The most common problem with the vacuum sensor (aka MAP sensor) is that it leaks (will not hold a vacuum). Does your's moan, groan or whistle? If so it is likely leaking. BTW, be sure you are sitting down when you check the price of a new vacuum sensor...
 

·
Administrator
Joined
·
16,405 Posts
...how do I get from the black wire on the switch to the starter solenoid to the voilet wire going to the ecu? They have to connect somehow, am I thinking about this right? Does the voilet wire splice into the black wire?
Yes, up under the dash next to the stering column you should find where a short cable exits the column surround. It has two connectors, one with two wires (a third spade connector is not used), the other with one wire. The violet wire splices in where the black wire connects to the short harness from the ignition switch.

If your model Spider has the knee bolsters they may be somewhat in the way. But that is where the purple & black connect.
 

·
Registered
Joined
·
1,426 Posts
Discussion Starter #14
Ahh!!! That is what I was looking for, someone (PO) installed a serious stereo and they spliced wires all under the dash, I have been slowly putting them back to normal as I find them, I replaced the switch, so I should be able to find this, I was not sure if I needed to start looking at the fuse box or under the hood. Thanks again!! After work, all these test will be checked and I will let you now what I find!!!
 

·
Trained (ex)Professional, , 1953-2018 RIP,
Joined
·
16,232 Posts
Sam,
The diagram in post #9 has an error in that the violet wire should connect to the ignition switch connector in location #1 (wire #50), NOT #2 (wire 15/54). The diagram has since been revised to correct this error.

If the violet start signal wire on your 89 is like the 86-88 Spiders, this wire does not go directly to the ECU. It first makes a stop at terminal 87b of relay N10 (interior light timer) then makes it's way to connector G121 located behind the glovebox where it then splits 5 ways; one each to the ignition & fuel ECUs, one to the Thermo Time Switch (TTS), one to the Cold Start Injector (CSI) and the fifth goes to terminal #50 of the drive relay (to energize the fuel pumps during cranking).
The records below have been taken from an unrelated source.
Lemma indirect_targets_sub js : indirect_targets js \subset targets js.
Proof.
apply/subsetP => m; rewrite !inE => /existsP[j /and3P[_ inflj inflMm]].
exact: inflM_trans inflj inflMm.
Qed.

Definition reach_set j : {set 'I_E} := [set x | (j == x) || infl j x].

Lemma reach_set_proper j1 j2 : infl j1 j2 -> ~~ mutual j1 j2 ->
  reach_set j2 \proper reach_set j1.
Proof.
move=> infl12 nmu12; apply/properP; split.
  apply/subsetP => x; rewrite !inE => /orP[/eqP <-|infl2x]; first by rewrite infl12 orbT.
  by rewrite (infl_trans infl12 infl2x) orbT.
exists j1; rewrite !inE ?eqxx //; apply: contra nmu12 => /orP[/eqP <-|infl21].
  exact: mutual_refl.
by rewrite /mutual infl12 infl21 orbT.
Qed.

(* Pick the witness downstream as far as possible: one with the smallest reach set. *)
Lemma indirect_targets_direct js m : m \in indirect_targets js ->
  exists2 j, (j \notin mutual_class js) && infl js j & m \in direct_targets j.
Proof.
rewrite inE => /existsP[j0 Cj0].
pose C j := [&& j \notin mutual_class js, infl js j & inflM j m].
case: (@arg_minnP _ j0 C (fun j => #|reach_set j|) Cj0).
move=> j /and3P[njs inflj inflMm] jmin.
exists j; first by rewrite njs inflj.
rewrite inE [m \in targets j]inE inflMm andbT inE.
apply/negP => /existsP[k /and3P[nkj inflk inflMk]].
have nkjs : k \notin mutual_class js.
  apply: contra njs => kjs; rewrite mem_mutual_class /mutual inflj /=.
  by rewrite (infl_mutualr inflk (mutual_in_class kjs (mutual_class_refl js))) orbT.
have := jmin k; rewrite /C nkjs (infl_trans inflj inflk) inflMk => /(_ isT).
by rewrite leqNgt proper_card // reach_set_proper // -mem_mutual_class.
Qed.

Lemma inflM_direct_targets js m :
  inflM js m = (m \in direct_targets js) ||
    [exists j, [&& j \notin mutual_class js, infl js j & m \in direct_targets j]].
Proof.
apply/idP/orP => [inflMm|[|/existsP[j /and3P[_ inflj]]]].
- have [/indirect_targets_direct[j /andP[njs inflj] mMd]|nMnd] :=
    boolP (m \in indirect_targets js).
    by right; apply/existsP; exists j; rewrite njs inflj.
  by left; rewrite inE nMnd inE.
- by rewrite !inE => /andP[].
- by rewrite !inE => /andP[_]; apply: inflM_trans.
Qed.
Since this is from memory, I'll check the diagrams this evening to be certain.
If you'd like the diagrams for an 88 Spider (if not seen Alfa published diagrams for an 89), please PM me your email address.
 

·
Registered
Joined
·
1,426 Posts
Discussion Starter #16
Thanks Jim, corrections noted! I sent you a PM, but I will keep the thread going for the benfits of others who might follow.

I think my '89 is an early one, I have the L-Jet fuel system. Is the N10 relay in the fuse box? My interior lights don't turn on unless you do it manually, so it is worth looking at that too. The G121 connector, when you say it is behind the glove box, can I get to from under the dash, or am I going to have to pull the glove box out again like I did when the cowl drain hose split?
 

·
1966-2013
Joined
·
13,741 Posts
Is the N10 relay in the fuse box?
Yes.

My interior lights don't turn on unless you do it manually, so it is worth looking at that too.
Before getting all happy about trying to find the all but unobtanium, and horrifically expensive if you do find one, you might wanna check/clean the contacts at the doors and make sure that the lamp housings are actually wired correctly as the lamps can indeed be mis-wired and still work as you describe. (door switches are just grounds, or rather contacts that engage ground when the door(s) are opened)
 

·
Registered
Joined
·
1,426 Posts
Discussion Starter #18
OK, I went through all the test and everything came back A-OK, so I guess I have a dead ignition ECU... Anybody got a Bosch 0-227-400-003 for sale?
 

·
Registered
Joined
·
1,426 Posts
Discussion Starter #20
Anybody have a picture of a series 3 fuse box? I looked at mine and I have a normal silver realy where the linterior lights timer is supposed to be, I am guessing that the longer black relay next to it is the interior light timer, but given that one is out of place, I want to make sure the others are correct... ([email protected] POs!!!!)